Gasps sounded around the table, and I was so dumbfounded I couldn’t move.
“But this will look so bad for—”
“You know what looks bad?” Katie cut off her VP. “A bunch of women who don’t support each other when a guy pulls some shit like this. I’m sick of it. Less than an hour ago, I told D.J. where he could stick his goddamned fraternal reputation.” She stood up and leaned forward, her hands on the table. “Let me tell you girls a story, short and sweet. In high school, I was a junior varsity cheerleader dating a senior who was up for football scholarships. I’d slept with him several times, willingly. One night I wasn’t in the mood, but he was. So he held me down and forced me. The few people I told about it—including my best friend—pointed out what would happen to him if I told. They stressed the fact that I hadn’t been a virgin, that we were dating, that we’d had sex before. So I kept quiet. I never even told my mother. That boy put bruises on my body. I was crying and begging him to stop and he didn’t. That’s called rape, ladies.”

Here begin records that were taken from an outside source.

Lemma normInf_le A c :
  0 <= c -> (forall i j, 0 <= A i j) -> (forall i, \sum_k A i k <= c) ->
  normInf A <= c.
Proof.
move=> c0 A0 hA; apply: bigmax_le => // i _.
by under eq_bigr => k _ do rewrite ger0_norm //.
Qed.

End RowSums.

Section Process.
Variables (R : realFieldType) (n : nat).
Variables (E : nat -> rel 'I_n) (W : nat -> 'M[R]_n).
Variables (alpha : nat -> 'I_n -> R) (r : 'I_n -> R).
Hypothesis hW_nonneg : forall t i j, 0 <= W t i j.
Hypothesis hW_row : forall t i, \sum_(j : 'I_n) W t i j <= 1.
Hypothesis halpha_range : forall t i, 0 <= alpha t i <= 1.
Hypothesis hr : forall i, 0 <= r i <= 1.

Local Notation fp := (fail_prob E W alpha r).

Lemma MmxE s i j : Mmx W alpha s i j = alpha s i * W s i j.
Proof. by rewrite /Mmx /Amx mul_diag_mx !mxE. Qed.

Lemma Mmx_ge0 s i j : 0 <= Mmx W alpha s i j.
Proof. by rewrite MmxE mulr_ge0 //; case/andP: (halpha_range s i). Qed.

Lemma Mprod_ge0 t i j : 0 <= Mprod W alpha t i j.
Proof.
elim: t i j => [|t IH] i j /=; first by rewrite mxE ler0n.
exact: mulmx_ge0 (Mmx_ge0 t) IH i j.
Qed.

Lemma sum_row_Mmx_le s i : \sum_j Mmx W alpha s i j <= alpha s i.
Proof.
under eq_bigr => j _ do rewrite MmxE.
have [a0 _] := andP (halpha_range s i).
by rewrite -mulr_sumr -[X in _ <= X]mulr1 ler_wpM2l.
Qed.

Lemma sum_row_Mmx_le1 s i : \sum_j Mmx W alpha s i j <= 1.
Proof. by apply: le_trans (sum_row_Mmx_le s i) _; case/andP: (halpha_range s i). Qed.

Lemma fail_prob_ge0_le1 t y i : 0 <= fp t y i <= 1.
Proof.
rewrite /fail_prob; set S := \sum_(j | E t j i) _.
have S0 : 0 <= S by apply: sumr_ge0 => j _; rewrite mulr_ge0 ?ler0n.
have S1 : S <= 1.
  apply: le_trans (hW_row t i); rewrite [X in _ <= X](bigID (E t ^~ i)) /= -[S]addr0.
  apply: lerD; last by apply: sumr_ge0.
  by apply: ler_sum => j _; rewrite -[X in _ <= X]mulr1 ler_wpM2l // lern1 leq_b1.
have /andP[r0 r1] := hr i; have /andP[a0 a1] := halpha_range t i.
by apply/andP; split; nra.
Qed.

Lemma dist_fail_prob_le t (a b : state n) i :
  `|fp t a i - fp t b i| <= \sum_(j | a j != b j) Mmx W alpha t i j.
Proof.
rewrite /fail_prob.
set Sa := \sum_(j | E t j i) _; set Sb := \sum_(j | E t j i) _.
have -> : (1 - alpha t i) * r i + alpha t i * Sa - ((1 - alpha t i) * r i + alpha t i * Sb)
  = alpha t i * (Sa - Sb) by ring.
have [a0 _] := andP (halpha_range t i).
under eq_bigr => j _ do rewrite MmxE.
rewrite normrM ger0_norm // -mulr_sumr ler_wpM2l // -sumrB.
apply: le_trans (ler_norm_sum _ _ _) _.
apply: le_trans (_ : \sum_(j | E t j i) (if a j != b j then W t i j else 0) <= _).
  apply: ler_sum => j _; rewrite -mulrBr normrM ger0_norm //.
  by case: (a j); case: (b j);
    rewrite /= ?subrr ?normr0 ?mulr0 ?subr0 ?normr1 ?mulr1 ?sub0r ?normrN ?normr1 ?mulr1.
rewrite [X in _ <= X]big_mkcond [X in _ <= X](bigID (E t ^~ i)) /= lerDl.
by apply: sumr_ge0 => j _; case: (a j != b j).
Qed.

Definition coupled_trans t (h : pair_state n) : pair_state n -> R :=
  prod_coupling (fp t (proj_state true h)) (fp t (proj_state false h)).

Fixpoint coupled_law (x y : state n) (t : nat) : pair_state n -> R :=
  match t with
  | 0 => fun f => if f == pair_of_states x y then 1 else 0
  | t'.+1 => fun f => \sum_h coupled_law x y t' h * coupled_trans t' h f
  end.

Lemma coupled_law_ge0 x y t f : 0 <= coupled_law x y t f.
Proof.
elim: t f => [|t IH] f /=; first by case: eqP.
apply: sumr_ge0 => h _; rewrite mulr_ge0 // prod_coupling_ge0 // => i.
all: exact: fail_prob_ge0_le1.
Qed.

Lemma marginal_coupled_trans t h b z :
  marginal (coupled_trans t h) b z = trans E W alpha r t (proj_state b h) z.
Proof. by rewrite marginal_prod_coupling; apply: eq_bigr => i _; case: b. Qed.

Lemma marginal_coupled_law x y t b z :
  marginal (coupled_law x y t) b z = law E W alpha r (if b then x else y) t z.
Proof.
elim: t z => [|t IH] z /=.
  by rewrite /marginal sum_pred_indicator proj_pair_of_states eq_sym; case: eqP.
rewrite /marginal exchange_big /=.
under eq_bigr => h _ do rewrite -mulr_sumr -/(marginal _ b z) marginal_coupled_trans.
rewrite (partition_big (proj_state b) predT) //=; apply: eq_bigr => y' _.
by rewrite -IH /marginal mulr_suml; apply: eq_bigr => h /eqP ->.
Qed.

Lemma disagreement_coupled_law_succ x y t i :
  disagreement (coupled_law x y t.+1) i
  <= \sum_j Mmx W alpha t i j * disagreement (coupled_law x y t) j.
Proof.
rewrite /disagreement /= exchange_big /=.
under eq_bigr => h _ do rewrite -mulr_sumr -/(disagreement _ i) disagreement_prod_coupling.
apply: le_trans (_ : \sum_h coupled_law x y t h *
  \sum_(j | (h j).1 != (h j).2) Mmx W alpha t i j <= _).
  apply: ler_sum => h _; rewrite ler_wpM2l ?coupled_law_ge0 //.
  by apply: le_trans (dist_fail_prob_le _ _ _ _) _; under eq_bigl => j do rewrite !ffunE.
under eq_bigr => h _ do rewrite mulr_sumr.
rewrite (exchange_big_dep predT) //=; apply: ler_sum => j _.
by rewrite mulr_sumr; apply: ler_sum => h _; rewrite mulrC.
Qed.

Lemma disagreement_coupled_law_le x y t i :
  disagreement (coupled_law x y t) i <= \sum_k Mprod W alpha t i k.
Proof.
elim: t i => [|t IH] i.
  by rewrite /disagreement sum_pred_indicator sum_row_scalar_mx1 lern1 leq_b1.
apply: le_trans (disagreement_coupled_law_succ _ _ _ _) _.
rewrite sum_row_mulmx; apply: ler_sum => j _.
by rewrite ler_wpM2l ?Mmx_ge0.
Qed.

End Process.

She drew herself up and crossed her arms over her chest. “So Buck can enjoy sitting in a cell contemplating how he blew up his life. That dickwad hurt two people sitting at this table. And you’re worried about who’ll look bad if they tell? Screw that. Dean and D.J. and Kennedy and every frat boy on this campus can all go fuck themselves. Are we sisters or not?”
Jacqueline,
I’ve attached the review that I’ll hand out on Thursday. I guess it’s technically preferential for me to give it to you a couple of days early, but I did tell you that you were my favorite, after all.
LM (aka Lucas, aka Landon, aka Mr. Maxfield)
Mr. Landon Lucas Maxfield,
It feels odd to get economics email from you. Like you aren’t really the same person. (I just remembered how I asked if you needed help in economics. I was all set to recommend you as a tutor to yourself. You must have thought I was so clueless.)
Thank you for the review worksheet. I won’t even look at it until Thursday. That way you don’t need to feel guilty about giving it to me early.
Mindi and I filed reports at the police station earlier. Erin drove us. It was the first time I actually gave anyone a detailed account of the whole thing. I was shaking and crying by the time I was done, and I felt weak and stupid all over again. Mindi was in even worse shape; the case worker said she may need to be treated for PTSD. She told us both to go to the school counseling office or a private therapist for treatment.
Mindi called her parents on the way back to campus, and they’ll be on a flight here in the morning. It never even occurred to me to tell mine. I don’t think I could deal with another I-told-you-so speech from my mother. Not about this.